**EXERCISE AIM:** The lines to be copied are those below that contain "first".

Collected data
Definition shift_set (M : nat) (t : {set 'I_M}) : {fset nat} :=
  [fset x in [seq (nat_of_ord i).+1 | i <- enum t]]%fset.

Lemma shift_setE M (t : {set 'I_M}) x :
  (x \in shift_set t) = [exists i : 'I_M, (i \in t) && (x == i.+1)].
Proof.
rewrite inE /=; apply/mapP/existsP => [[i]|[i /andP[it /eqP ->]]].
  by rewrite mem_enum => it ->; exists i; rewrite it eqxx.
by exists i; rewrite ?mem_enum.
Qed.

Lemma mem_shift_set M (t : {set 'I_M}) (i : 'I_M) : (i.+1 \in shift_set t) = (i \in t).
Proof.
rewrite shift_setE; apply/existsP/idP => [[j /andP[jt /eqP [ij]]]|it].
  by rewrite (val_inj ij).
by exists i; rewrite it eqxx.
Qed.

Lemma shift_set_bounds M (t : {set 'I_M}) x : x \in shift_set t -> (0 < x <= M)%N.
Proof. by rewrite shift_setE => /existsP[i /andP[_ /eqP ->]] /=. Qed.

Lemma card_shift_set M (t : {set 'I_M}) : #|` shift_set t| = #|t|.
Proof.
rewrite card_fseq undup_id ?size_map -?cardE //.
by rewrite map_inj_uniq ?enum_uniq // => i j [] /val_inj.
Qed.

Lemma shift_set_inj M : injective (@shift_set M).
Proof. by move=> s t st; apply/setP => i; rewrite -!mem_shift_set st. Qed.

Lemma shift_set_onto M (I : {fset nat}) : (forall x, x \in I -> (0 < x <= M)%N) ->
  shift_set [set i : 'I_M | i.+1 \in I] = I.
Proof.
move=> I_bounded; apply/fsetP => x; rewrite shift_setE.
apply/existsP/idP => [[i /andP[]]|xI]; first by rewrite inE => iI /eqP ->.
have /andP[x_gt0 le_xM] := I_bounded x xI.
have lt_x1M : (x.-1 < M)%N by lia.
by exists (Ordinal lt_x1M); rewrite inE /= prednK // xI eqxx.
Qed.

Section Truncation.
Context d (T : measurableType d) (R : realType) (P : probability T R).
Variables (A : nat -> set T) (mA : forall i, measurable (A i)).

Definition hits (M : nat) (w : T) : {set 'I_M} := [set i : 'I_M | `[< A i.+1 w >]].

Lemma measurable_hits_eq M (s : {set 'I_M}) : measurable (hits M @^-1` [set s]).
Proof.
have -> : hits M @^-1` [set s] =
    \bigcap_(i in [set: 'I_M]) (if i \in s then A i.+1 else ~` A i.+1).
  apply/seteqP; split => w /=.
    by move=> <- i _; rewrite inE; case: asboolP.
  move=> w_s; apply/setP => i; rewrite inE.
  by have := w_s i I; case: (i \in s) => ?; [apply/asboolT | apply/asboolF].
apply: fin_bigcap_measurable; first exact: finite_finset.
by move=> i _; case: (i \in s) => //; apply: measurableC.
Qed.

Definition atom M (s : {set 'I_M}) : R := fine (P (hits M @^-1` [set s])).

Lemma atom_ge0 M (s : {set 'I_M}) : 0 <= atom s.
Proof. by rewrite fine_ge0. Qed.

Lemma prob_hits M (p : pred {set 'I_M}) :
  P [set w | p (hits M w)] = (\sum_(s | p s) atom s)%:E.
Proof.
rewrite measure_pred_fibers; last exact: measurable_hits_eq.
rewrite -sumEFin; apply: eq_bigr => s _.
by rewrite fineK // fin_num_measure //; apply: measurable_hits_eq.
Qed.

Lemma inter_shift_set M (t : {set 'I_M}) :
  inter_of A (shift_set t) = [set w | t \subset hits M w].
Proof.
apply/seteqP; split => w /=.
  move=> w_t; apply/fintype.subsetP => i it; rewrite inE; apply/asboolP.
  by apply: w_t; rewrite /= mem_shift_set.
move=> /fintype.subsetP t_hits x /=; rewrite shift_setE => /existsP[i /andP[it /eqP ->]].
by have := t_hits i it; rewrite inE => /asboolP.
Qed.

Lemma measurable_inter_shift_set M (t : {set 'I_M}) :
  measurable (inter_of A (shift_set t)).
Proof.
rewrite inter_shift_set.
exact: (measurable_pred_fibers (measurable_hits_eq (M := M)) (fun s => t \subset s)).
Qed.

Definition Strunc M l : R :=
  \sum_(t : {set 'I_M} | #|t| == l) fine (P (inter_of A (shift_set t))).

Lemma StruncE M l : Strunc M l = \sum_(s : {set 'I_M}) atom s * ('C(#|s|, l))%:R.
Proof.
have inter_atoms (t : {set 'I_M}) :
    fine (P (inter_of A (shift_set t))) = \sum_(s : {set 'I_M} | t \subset s) atom s.
  by rewrite inter_shift_set (prob_hits (fun s : {set 'I_M} => t \subset s)).
rewrite /Strunc (eq_bigr _ (fun t _ => inter_atoms t)).
rewrite (exchange_big_dep predT) //=; apply: eq_bigr => s _.
rewrite sumr_const -cards_draws mulr_natr; congr (_ *+ _).
by apply: eq_card => t; rewrite !inE andbC.
Qed.

Definition Ttrunc M k : R := fine (P [set w | (k <= #|hits M w|)%N]).

Definition bonf_rem_trunc M k J : R :=
  (-1) ^+ J.+1 * (Ttrunc M k
    - \sum_(j < J.+1) (-1) ^+ j * ('C(j + k - 1, k - 1))%:R * Strunc M (j + k)%N).

Lemma bonf_rem_truncE M k J : (0 < k)%N ->
  bonf_rem_trunc M k J = \sum_(s : {set 'I_M}) atom s * (bonf_coef k J #|s|)%:R.
Proof.
move=> k_gt0; rewrite /bonf_rem_trunc /Ttrunc.
rewrite (prob_hits (fun s : {set 'I_M} => k <= #|s|)%N) /=.
under [X in _ - X]eq_bigr do rewrite StruncE.
under [X in _ - X]eq_bigr do rewrite mulr_sumr.
rewrite big_mkcond exchange_big -sumrB mulr_sumr; apply: eq_bigr => s _ /=.
rewrite -(bonf_remainder R J #|s| k_gt0) [RHS]mulrCA; congr (_ * _).
rewrite [RHS]mulrBr [in RHS]mulr_sumr; congr (_ - _).
  by case: (k <= #|s|)%N; rewrite ?mulr1 ?mulr0.
by apply: eq_bigr => j _; rewrite mulrCA.
Qed.

Lemma card_hits_le w : {homo (fun M => #|hits M w|) : M N / (M <= N)%N >-> (M <= N)%N}.
Proof.
have card_hitsE M : #|hits M w| = (\sum_(i < M) `[< A i.+1 w >])%N.
  by rewrite -sum1_card big_mkcond /=; apply: eq_bigr => i _; rewrite inE; case: asboolP.
apply: homo_leq => [//|M N L|M]; first exact: leq_trans.
by rewrite !card_hitsE big_ord_recr /= leq_addr.
Qed.

Lemma bigcup_card_hits_ge k : (0 < k)%N ->
  \bigcup_M [set w | (k <= #|hits M w|)%N] = atleast A k.
Proof.
move=> k_gt0; apply/seteqP; split => w /=.
  move=> [M _ /= le_k_hits].
  have : (0 < #|[set t : {set 'I_M} | t \subset hits M w & #|t| == k]|)%N.
    by rewrite cards_draws bin_gt0.
  move=> /card_gt0P [t]; rewrite inE => /andP[t_hits /eqP card_t].
  exists (shift_set t); last by rewrite inter_shift_set.
  split; first by rewrite card_shift_set.
  by move=> i /shift_set_bounds /andP[].
move=> [I [card_I I_gt0] w_I].
pose M := (\max_(x <- I) x)%N.
have I_bounded x : x \in I -> (0 < x <= M)%N.
  by move=> xI; rewrite I_gt0 //=; apply: (@leq_bigmax_seq _ _ xpredT id x xI).
exists M => //=; rewrite -card_I -(shift_set_onto I_bounded) card_shift_set.
apply: subset_leq_card; apply/fintype.subsetP => i.
by rewrite !inE => iI; apply: w_I.
Qed.

Lemma Ttrunc_cvg k : (0 < k)%N -> Ttrunc M k @[M --> \oo] --> fine (P (atleast A k)).
Proof.
move=> k_gt0; set G := fun M => [set w | (k <= #|hits M w|)%N].
have mG M : measurable (G M).
  exact: (measurable_pred_fibers (measurable_hits_eq (M := M)) (fun s => k <= #|s|)%N).
have G_nd : nondecreasing_seq G.
  by move=> M N le_MN; apply/subsetPset => w /= /leq_trans; apply; apply: card_hits_le.
have P_fin : P (atleast A k) \is a fin_num.
  by rewrite fin_num_measure // -bigcup_card_hits_ge //; apply: bigcupT_measurable.
have := nondecreasing_cvg_mu (mu := P) mG (bigcupT_measurable _ mG) G_nd.
rewrite bigcup_card_hits_ge // => cvg_PG.
by apply: fine_cvg; rewrite fineK //; apply: cvg_PG.
Qed.

Definition bounded_ksubsets (M l : nat) : set {fset nat} :=
  ksubsets l `&` [set I : {fset nat} | forall x, x \in I -> (x <= M)%N].

Lemma esum_bounded_ksubsets M l :
  \esum_(I in bounded_ksubsets M l) P (inter_of A I) = (Strunc M l)%:E.
Proof.
rewrite (@reindex_esum _ _ _ [set t : {set 'I_M} | #|t| == l] _ (@shift_set M)); last first.
  split.
  - move=> t /= /eqP card_t; split; first split.
    + by rewrite card_shift_set.
    + by move=> i /shift_set_bounds /andP[].
    + by move=> x /shift_set_bounds /andP[].
  - by move=> s t _ _; apply: shift_set_inj.
  - move=> I [[card_I I_gt0] I_le].
    have I_bounded x : x \in I -> (0 < x <= M)%N by move=> xI; rewrite I_gt0 ?I_le.
    exists [set i : 'I_M | i.+1 \in I]%SET; last exact: shift_set_onto.
    by rewrite /= -card_shift_set shift_set_onto // card_I.
rewrite esum_fset ?fsbig_finType; last 2 first.
- exact: finite_finset.
- by move=> t _; apply: measure_ge0.
rewrite /Strunc -sumEFin; apply: eq_bigr => t _.
by rewrite fineK // fin_num_measure //; apply: measurable_inter_shift_set.
Qed.

Lemma Strunc_cvg l : Ssum P A l \is a fin_num ->
  Strunc M l @[M --> \oo] --> fine (Ssum P A l).
Proof.
move=> Sl_fin; set E := fun M => \esum_(I in bounded_ksubsets M l) P (inter_of A I).
have E_nd : nondecreasing_seq E.
  move=> M N le_MN; apply: subset_le_esum => I [kI I_le]; split => // x xI.
  exact: leq_trans (I_le x xI) le_MN.
have supE : ereal_sup (range E) = Ssum P A l.
  apply/eqP; rewrite eq_le; apply/andP; split.
    by apply: ge_ereal_sup => _ [M _ <-]; apply: subset_le_esum => I [].
  apply: ge_ereal_sup => _ [X [X_fin X_k] <-].
  have [M X_le] := finite_fsets_bounded X_fin.
  apply: (@le_trans _ _ (E M)); last by apply: ereal_sup_ubound; exists M.
  by apply: esum_ge; exists X => //; split => // I XI; split; [apply: X_k | apply: X_le].
have cvg_S : (fun M => (Strunc M l)%:E) @ \oo --> (fine (Ssum P A l))%:E.
  rewrite fineK // -supE.
  under eq_cvg do rewrite -esum_bounded_ksubsets.
  exact: ereal_nondecreasing_cvgn.
exact: (fine_cvg cvg_S).
Qed.

Hypothesis S_fin : forall l, (0 < l)%N -> Ssum P A l \is a fin_num.

Definition bonf_term k j : R :=
  (-1) ^+ j * ('C(j + k - 1, k - 1))%:R * fine (Ssum P A (j + k)).

Definition bonf_rem k J : R :=
  (-1) ^+ J.+1 * (fine (P (atleast A k)) - series (bonf_term k) J.+1).

Lemma bonf_rem_trunc_cvg k J : (0 < k)%N ->
  bonf_rem_trunc M k J @[M --> \oo] --> bonf_rem k J.
Proof.
move=> k_gt0; apply: cvgM; first exact: cvg_cst.
apply: cvgB; first exact: Ttrunc_cvg.
rewrite /series /= big_mkord; apply: cvg_big => [|j _]; first exact: add_continuous.
apply: cvgM; first exact: cvg_cst.
by apply: Strunc_cvg; apply: S_fin; rewrite addn_gt0 k_gt0 orbT.
Qed.

Lemma bonf_rem_ge0 k J : (0 < k)%N -> 0 <= bonf_rem k J.
Proof.
move=> k_gt0; apply: (cvgr_to_ge (bonf_rem_trunc_cvg (J := J) k_gt0)).
apply: nearW => M; rewrite bonf_rem_truncE //; apply: sumr_ge0 => s _.
by rewrite mulr_ge0 ?atom_ge0.
Qed.

Lemma bonf_rem_shift_le k J : (0 < k)%N -> (k <= J.+1)%N ->
  bonf_rem k J.+1 <= bonf_rem k.+1 J.
Proof.
move=> k_gt0 le_kJ; rewrite -subr_ge0.
apply: (cvgr_to_ge (cvgB (bonf_rem_trunc_cvg (J := J) (ltn0Sn k))
                         (bonf_rem_trunc_cvg (J := J.+1) k_gt0))).
apply: nearW => M /=; rewrite subr_ge0 !bonf_rem_truncE //.
apply: ler_sum => s _.
by rewrite ler_wpM2l ?atom_ge0 // ler_nat leq_bonf_coef_shift.
Qed.

Lemma norm_bonf_rem k J :
  `|bonf_rem k J| = `|fine (P (atleast A k)) - series (bonf_term k) J.+1|.
Proof. by rewrite normrM normrX normrN1 expr1n mul1r. Qed.

Lemma identity_holds_descend k : (0 < k)%N ->
  identity_holds P A k.+1 -> identity_holds P A k.
Proof.
move=> k_gt0 /cvgrPdist_le id_k1; apply/cvgrPdist_le => e e_gt0.
have [N _ near_k1] := id_k1 e e_gt0.
exists (maxn N k).+2 => // n /= le_n.
have -> : n = n.-2.+2 by lia.
have le_kn : (k <= n.-2.+1)%N by lia.
have := bonf_rem_shift_le k_gt0 le_kn.
rewrite -(ger0_norm (bonf_rem_ge0 _ k_gt0)) -(ger0_norm (bonf_rem_ge0 _ (ltn0Sn k))).
rewrite !norm_bonf_rem => /le_trans; apply; apply: near_k1 => /=; lia.
Qed.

**YOUR RESPONSE:**
apply/existsP/idP => [[i /andP[]]|xI]; first by rewrite inE => iI /eqP ->.
apply: fin_bigcap_measurable; first exact: finite_finset.
apply: homo_leq => [//|M N L|M]; first exact: leq_trans.
  split; first by rewrite card_shift_set.
rewrite (@reindex_esum _ _ _ [set t : {set 'I_M} | #|t| == l] _ (@shift_set M)); last first.
  - move=> t /= /eqP card_t; split; first split.
rewrite esum_fset ?fsbig_finType; last 2 first.
move=> k_gt0; apply: cvgM; first exact: cvg_cst.
apply: cvgB; first exact: Ttrunc_cvg.
rewrite /series /= big_mkord; apply: cvg_big => [|j _]; first exact: add_continuous.
apply: cvgM; first exact: cvg_cst.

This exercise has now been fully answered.